### Question 2

### 1. Create your own dataset for text classification. It should contain at least 2000 words in total and at least three categories with at least 100 examples per category (an example can be a poem or a paragraph from a book). You can create it by scraping the web or using some of the documents you have on your computer (do not use anything confidential) or ChatGPT

In [2]:
import pandas as pd
from datasets import load_dataset
import string
from nltk.corpus import stopwords
import nltk
nltk.download('stopwords')

# Load the Yelp review dataset
yelp_dataset = load_dataset("yelp_review_full")

# Extract reviews and corresponding ratings
reviews = yelp_dataset["train"]["text"]
ratings = yelp_dataset["train"]["label"]

df = pd.DataFrame({"review": reviews, "rating": ratings})

# Sample the DataFrame to get examples from each category
df_4 = df[df["rating"] == 4].sample(n=100, random_state=42)
df_3 = df[df["rating"] == 3].sample(n=100, random_state=42)
df_2 = df[df["rating"] == 2].sample(n=100, random_state=42)
df_1 = df[df["rating"] == 1].sample(n=100, random_state=42)
df_0 = df[df["rating"] == 0].sample(n=100, random_state=42)

final_df = pd.concat([df_0, df_1, df_2, df_3, df_4])

final_df.reset_index(drop=True, inplace=True)

# Lowercase, remove punctuation, remove stopwords
stop_words = set(stopwords.words('english'))
translator = str.maketrans('', '', string.punctuation)
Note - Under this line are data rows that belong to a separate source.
(* Let $R=\Bbbk[x_1,\dots,x_n]$ be a polynomial ring over a field $\Bbbk$, and let $I$ and $J$ be monomial ideals of $R$ such that every element of $G(I)$ has degree $d_1$ and every element of $G(J)$ has degree $d_2$. Let $k>1$ be an integer and let $m=\max\{i \mid x_i \text{ divides a minimal monomial generator of } I\}$. Suppose that $(x_1^{k-1},\dots,x_m^{k-1})\subseteq J$. Then the ordered pair $(I^{[k]},J)$ is conjoined.
   Context: All ideals are monomial ideals in $R$. For a monomial ideal $I$, $G(I)$ denotes its unique minimal set of monomial generators. $I^{[k]}$ is the ideal generated by $\{u^k : u\in G(I)\}$. An ordered pair $(I,J)$ of monomial ideals of $R$ is called conjoined if (i) $|G(IJ)|=|G(I)|\cdot|G(J)|$, and (ii) there is a minimal presentation $R^s\xrightarrow{\phi}R^t\xrightarrow{\psi}I\to 0$ of $I$ such that all entries of the matrix of $\phi$ belong to $J$. *)

From mathcomp Require Import all_boot all_algebra.
From mathcomp Require Import mpoly.
Set Implicit Arguments. Unset Strict Implicit. Unset Printing Implicit Defensive.
Import GRing.Theory.
Local Open Scope ring_scope.

Section MonomialIdeals.
Variables (K : fieldType) (n : nat).
Local Notation R := {mpoly K[n]}.
Local Notation mon := 'X_{1..n}.

Definition ideal_pred := R -> Prop.

Definition mdivides (u v : mon) : bool := [forall i, u i <= v i]%N.

Definition monP (u : mon) : R := 'X_[u].

(** A monomial ideal is given by a finite list S of monomial generators;
    the ideal it denotes: all R-linear combinations of the x^u, u in S. *)
Definition mideal (S : seq mon) : ideal_pred :=
  fun p => exists c : 'I_(size S) -> R,
      p = \sum_(i < size S) c i * monP (nth 0%MM S i).

Definition Gmin (S : seq mon) : seq mon :=
  undup [seq u <- S | ~~ has (fun v => mdivides v u && (v != u)) S].

Definition mprod (S T : seq mon) : seq mon :=
  [seq mnm_add u v | u <- S, v <- T].

(** I^[k] : generated by u^k for u in G(I). *)
Definition mfrob (k : nat) (S : seq mon) : seq mon :=
  [seq mnm_muln u k | u <- Gmin S].

(** Free presentations  R^s --A--> R^t --g--> I --> 0.
    psi sends the i-th basis vector of R^t to g 0 i; phi is the t x s matrix A. *)
Definition psi_onto (I : ideal_pred) t (g : 'rV[R]_t) : Prop :=
  forall p, I p <-> exists v : 'cV[R]_t, p = (g *m v) 0 0.

Definition image_is_kernel t s (g : 'rV[R]_t) (A : 'M[R]_(t, s)) : Prop :=
  forall v : 'cV[R]_t, g *m v = 0 <-> exists w : 'cV[R]_s, v = A *m w.

Definition presentation (I : ideal_pred) t s (g : 'rV[R]_t) (A : 'M[R]_(t, s)) :=
  psi_onto I g /\ image_is_kernel g A.

Definition minimal_presentation (I : ideal_pred) t s (g : 'rV[R]_t)
    (A : 'M[R]_(t, s)) :=
  [/\ presentation I g A,
      (forall t' (g' : 'rV[R]_t'), psi_onto I g' -> (t <= t')%N) &
      (forall s' (A' : 'M[R]_(t, s')), image_is_kernel g A' -> (s <= s')%N)].

Definition conjoined (S T : seq mon) : Prop :=
  size (Gmin (mprod S T)) = (size (Gmin S) * size (Gmin T))%N /\
  exists t s (g : 'rV[R]_t) (A : 'M[R]_(t, s)),
    minimal_presentation (mideal S) g A /\
    forall i j, mideal T (A i j).

End MonomialIdeals.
final_df['review'] = final_df['review'].apply(lambda x: ' '.join([word.lower() for word in x.translate(translator).split() if word.lower() not in stop_words]))

# Save the final dataset to a CSV file
final_df.to_csv("yelp_review_classification_dataset.csv", index=False)


[nltk_data] Downloading package stopwords to /root/nltk_data...
[nltk_data]   Package stopwords is already up-to-date!
The secret `HF_TOKEN` does not exist in your Colab secrets.
To authenticate with the Hugging Face Hub, create a token in your settings tab (https://huggingface.co/settings/tokens), set it as secret in your Google Colab and restart your session.
You will be able to reuse this secret in all of your notebooks.
Please note that authentication is recommended but still optional to access public models or datasets.


### 2. Split the dataset into training (at least 240examples) and test (at least 60 examples) sets.

In [3]:
from sklearn.model_selection import train_test_split

# Load the preprocessed dataset
final_df = pd.read_csv("yelp_review_classification_dataset.csv")

# Splitting the dataset into training and test sets
train_df, test_df = train_test_split(final_df, test_size=0.2, random_state=42, stratify=final_df['rating'])

# Save the training and test sets to CSV files
train_df.to_csv("yelp_review_train.csv", index=False)
test_df.to_csv("yelp_review_test.csv", index=False)


In [15]:
print(train_df.shape)
print(test_df.shape)

(400, 2)
(100, 2)


### 3. Fine-tune a pre-trained language model capable of generating text (e.g., GPT) that you can take, e.g., from the Hugging Face Transformers library with the dataset you created (this tutorial could be very helpful: https://huggingface.co/docs/transformers/training). [20 points] Report the testv accuracy [5 points]. Discuss what could be done to improve accuracy

In [5]:
from transformers import AutoTokenizer

tokenizer = AutoTokenizer.from_pretrained("google-bert/bert-base-cased")


def tokenize_function(examples):
    return tokenizer(examples["text"], padding="max_length", truncation=True)


tokenized_datasets = yelp_dataset.map(tokenize_function, batched=True)

Map:   0%|          | 0/50000 [00:00<?, ? examples/s]

In [6]:
!pip3 install transformers[torch]
!pip3 install accelerate -U



In [7]:
small_train_dataset = tokenized_datasets["train"].shuffle(seed=42).select(range(1000))
small_eval_dataset = tokenized_datasets["test"].shuffle(seed=42).select(range(1000))

from transformers import AutoModelForSequenceClassification

model = AutoModelForSequenceClassification.from_pretrained("google-bert/bert-base-cased", num_labels=5)

from transformers import TrainingArguments

training_args = TrainingArguments(output_dir="test_trainer")

Some weights of BertForSequenceClassification were not initialized from the model checkpoint at google-bert/bert-base-cased and are newly initialized: ['classifier.bias', 'classifier.weight']
You should probably TRAIN this model on a down-stream task to be able to use it for predictions and inference.


In [10]:
import numpy as np
import evaluate

metric = evaluate.load("accuracy")

from transformers import TrainingArguments, Trainer

training_args = TrainingArguments(output_dir="test_trainer", evaluation_strategy="epoch",learning_rate=5e-5)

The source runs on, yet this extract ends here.